The quality of the wine begins in the vineyard. We’ve always believed this at Viticcio, and therefore we’ve always practiced viticulture with the utmost respect for the environment and for the people who work here, practicing organic and biodynamic agriculture.
In the past several years, we’ve committed ourselves even more deeply to the cause for sustainability and healthy vineyards. We began the move towards organic certification in 2013, and by 2017, all of our products will be certified organic. Of this, eight hectares are in fact biodynamic.
What does being organic or biodynamic mean for a winery? It doesn’t simply mean following specific rules and regulations in order to be certified, although that’s certainly important. It means embracing a certain mindset that respects the natural cycles and times of vine development, and using natural defenses and prevention against diseases, weeds, and the changes in climate.

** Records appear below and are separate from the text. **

Lemma ler_dist_taylor2 (G d : nat -> R) (e : R) :
  (forall i, G i.+1 = G i + d i) ->
  (forall i, `|d i.+1 - d i| <= e / i.+1%:R) ->
  forall n m, `|G n - G m - d m * (n%:R - m%:R)|
    <= e * (n%:R - m%:R) ^+ 2 / (minn n m).+1%:R.
Proof.
move=> GS dS n m.
have e_ge0 : 0 <= e by have := dS 0%N; rewrite divr1; apply: le_trans.
set c := e / (minn n m).+1%:R.
have c_ge0 : 0 <= c by rewrite divr_ge0.
have slope i : (minn n m <= i < maxn n m)%N -> `|d i - d m| <= c * `|n%:R - m%:R|.
  move=> hi; apply: (le_trans (y := c * `|i%:R - m%:R|)).
    apply: ler_dist_telescope => k /andP[hk _]; apply: le_trans (dS k) _.
    rewrite ler_wpM2l // lef_pV2 ?posrE ?ltr0n // ler_nat ltnS; lia.
  rewrite ler_wpM2l //.
  have [nm|/ltnW mn] := leqP n m; move: hi.
    rewrite (minn_idPl nm) (maxn_idPr nm) => /andP[ni /ltnW im].
    have : n%:R <= i%:R :> R by rewrite ler_nat.
    have : i%:R <= m%:R :> R by rewrite ler_nat.
    by move=> *; rewrite !ler0_norm ?subr_le0 //; lra.
  rewrite (minn_idPr mn) (maxn_idPl mn) => /andP[mi /ltnW iN].
  have : m%:R <= i%:R :> R by rewrite ler_nat.
  have : i%:R <= n%:R :> R by rewrite ler_nat.
  by move=> *; rewrite !ger0_norm ?subr_ge0 //; lra.
pose hx i := G i - d m * i%:R.
have -> : G n - G m - d m * (n%:R - m%:R) = hx n - hx m by rewrite /hx; ring.
apply: (le_trans (y := c * `|n%:R - m%:R| * `|n%:R - m%:R|)).
  apply: ler_dist_telescope => i hi.
  by rewrite /hx GS -natr1 (_ : _ - _ = d i - d m) ?slope //; ring.
by rewrite -mulrA -normrM -expr2 ger0_norm ?sqr_ge0 // /c mulrAC.
Qed.

End SecondOrderTelescope.

Section BinomialTail.
Variables (R : realType) (q : R).
Hypotheses (q_ge0 : 0 <= q) (q_le1 : q <= 1).

Definition binpmf (k n : nat) : R := 'C(n, k)%:R * q ^+ k * (1 - q) ^+ (n - k).

Lemma binpmf_ge0 k n : 0 <= binpmf k n.
Proof. by rewrite /binpmf !mulr_ge0 // exprn_ge0 // subr_ge0. Qed.

Lemma binpmf_small k n : (n < k)%N -> binpmf k n = 0.
Proof. by move=> nk; rewrite /binpmf bin_small // !mul0r. Qed.

Lemma binpmf0S n : binpmf 0 n.+1 = (1 - q) * binpmf 0 n.
Proof. by rewrite /binpmf !bin0 !expr0 !mul1r !subn0 exprS. Qed.

Lemma binpmfSS k n : binpmf k.+1 n.+1 = (1 - q) * binpmf k.+1 n + q * binpmf k n.
Proof.
rewrite /binpmf binS natrD subSS exprS.
have [nk|kn] := ltnP n k.+1; first by rewrite bin_small //; ring.
by rewrite -(subnSK kn) exprS; ring.
Qed.

Lemma binpmf_le1 k n : binpmf k n <= 1.
Proof.
elim: n k => [|n IH] [|k].
- by rewrite /binpmf bin0 !expr0 !mulr1.
- by rewrite binpmf_small.
- by rewrite binpmf0S mulr_ile1 ?subr_ge0 ?binpmf_ge0 // lerBlDr lerDl.
apply: (le_trans (y := (1 - q) * 1 + q * 1)); last by rewrite !mulr1 subrK.
by rewrite binpmfSS lerD // ler_wpM2l ?subr_ge0.
Qed.

Lemma binpmf_absorption k n : n.+1%:R * (q * binpmf k n) = k.+1%:R * binpmf k.+1 n.+1.
Proof.
have /(congr1 (fun x : nat => x%:R : R)) := mul_bin_diag n.+1 k.
rewrite /binpmf subSS !natrM /= => Cabs.
rewrite exprS.
transitivity (n.+1%:R * 'C(n, k)%:R * (q * q ^+ k) * (1 - q) ^+ (n - k)); first by ring.
by rewrite Cabs; ring.
Qed.

Lemma binpmf_mass_le k n : q * binpmf k n <= k.+1%:R / n.+1%:R.
Proof.
rewrite ler_pdivlMr // mulrC binpmf_absorption.
by rewrite ler_piMr ?binpmf_le1.
Qed.

Lemma binpmf_step k n : `|binpmf k n.+1 - binpmf k n| <= k.+1%:R / n.+1%:R.
Proof.
case: k => [|k].
  rewrite binpmf0S (_ : _ - _ = - (q * binpmf 0 n)); last by ring.
  rewrite normrN ger0_norm ?(mulr_ge0 q_ge0 (binpmf_ge0 _ _)) //.
  exact: (binpmf_mass_le 0 n).
rewrite binpmfSS (_ : _ - _ = q * binpmf k n - q * binpmf k.+1 n); last by ring.
have lek : k.+1%:R / n.+1%:R <= k.+2%:R / n.+1%:R :> R.
  by rewrite ler_pM2r ?invr_gt0 ?ltr0n // ler_nat.
have := binpmf_mass_le k n; have := binpmf_mass_le k.+1 n.
have := mulr_ge0 q_ge0 (binpmf_ge0 k n); have := mulr_ge0 q_ge0 (binpmf_ge0 k.+1 n).
move: lek; set a := k.+1%:R / _; set b := k.+2%:R / _.
set x := q * binpmf k n; set y := q * binpmf k.+1 n.
by move=> *; rewrite ler_norml; apply/andP; split; lra.
Qed.

Lemma bin_tail_ge0 n l : 0 <= bin_tail n l q.
Proof. by apply: sumr_ge0 => k _; apply: binpmf_ge0. Qed.

Lemma bin_tail_widen n l N : (n < N)%N -> bin_tail n l q = \sum_(l <= k < N) binpmf k n.
Proof.
move=> nN; rewrite /bin_tail (big_nat_widen _ _ _ _ _ nN) big_mkcond /=.
by apply: eq_bigr => k _; case: ltnP => // nk; rewrite binpmf_small.
Qed.

Lemma bin_tailS n k : bin_tail n.+1 k.+1 q = bin_tail n k.+1 q + q * binpmf k n.
Proof.
rewrite (@bin_tail_widen _ _ (n + k).+2) ?big_add1 /=; last by lia.
under eq_bigr do rewrite binpmfSS.
rewrite big_split /= -!mulr_sumr.
have -> : \sum_(k <= i < (n + k).+1) binpmf i.+1 n = bin_tail n k.+1 q.
  by rewrite (@bin_tail_widen _ _ (n + k).+2) ?big_add1 //; lia.
have -> : \sum_(k <= i < (n + k).+1) binpmf i n = binpmf k n + bin_tail n k.+1 q.
  by rewrite big_ltn ?(@bin_tail_widen _ _ (n + k).+1) //; lia.
ring.
Qed.

Lemma bin_tail_le n k : bin_tail n k.+1 q <= n%:R * q.
Proof.
elim: n => [|n IH]; first by rewrite /bin_tail big_geq // mul0r.
rewrite bin_tailS -natr1 mulrDl mul1r lerD //.
by rewrite ler_piMr ?binpmf_le1.
Qed.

It means practicing patience, too, and allowing for a measure of unpredictability in changes of temperature and the “whims” of the weather.
Organic and biodynamic methods at Viticcio
Our enologist Daniele Innocenti answered some of the most frequently asked questions about organic viticulture. Read on to discover more about the management of our vines and grapes and how it reflects on the final product, our wines.
Since you began organic and biodynamic practices, what differences have you noticed in the wines, soil, and in your work in general?
In my opinion, the wines reflect the terroir more, and they seem more personal and elegant. As a whole, they are richer. When you practice organic viticulture, the quantity of production diminishes, but as a consequence there’s an increase in quality.
The terrain has a greater biodiversity of vegetation, which helps discourage the growth of any one type of weed, and the soils in general are more resilient: they have greater capacity and resistance, overall.
What are the biodynamic methods that you practice?
Deep tilling, sowing particular mixes of seeds and herbs, making the preparations 500 and 501 (cow horn manure and cow horn silica), and stimulating the natural defense mechanisms of plants by using herbal infusions (Equisetum and nettle).
What are the pesticides and chemicals allowed in non-organic production, and how are these noted in the wines?
To protect the health of our vines, we simply use copper and sulfur. For the production of our wines, at the moment we’re doing some trial and error practices, and in our case we use only potassium metabisulfite. In fact, according to organic regulations we could use additional products, but we choose to use fewer and make our wines in the most natural way possible.
What are differences in production and the final wine between organic and non-organic wineries?
I think organic wineries have greater difficulties in managing emergencies, especially if it’s not done in a timely manner. And unfortunately, there’s little we can do about climate change and major weather events, which can really damage the vineyards. When these things happen, conventional wineries that don’t use organic practices can use chemicals that help the vines recover faster.
In organic wineries, the secret to success is damage prevention and good vineyard management. In addition, it’s important to remember that with organic wine, you produce quality, not quantity.
Practicing organic agriculture is not difficult, and I tell people that it means thinking about tomorrow. Biodynamic agriculture is already a different thing, because in addition to the management of the non-grapevine vegetation and of the soil, there are esoteric concepts that influence and connect to the whole system, which can be challenging to interpret.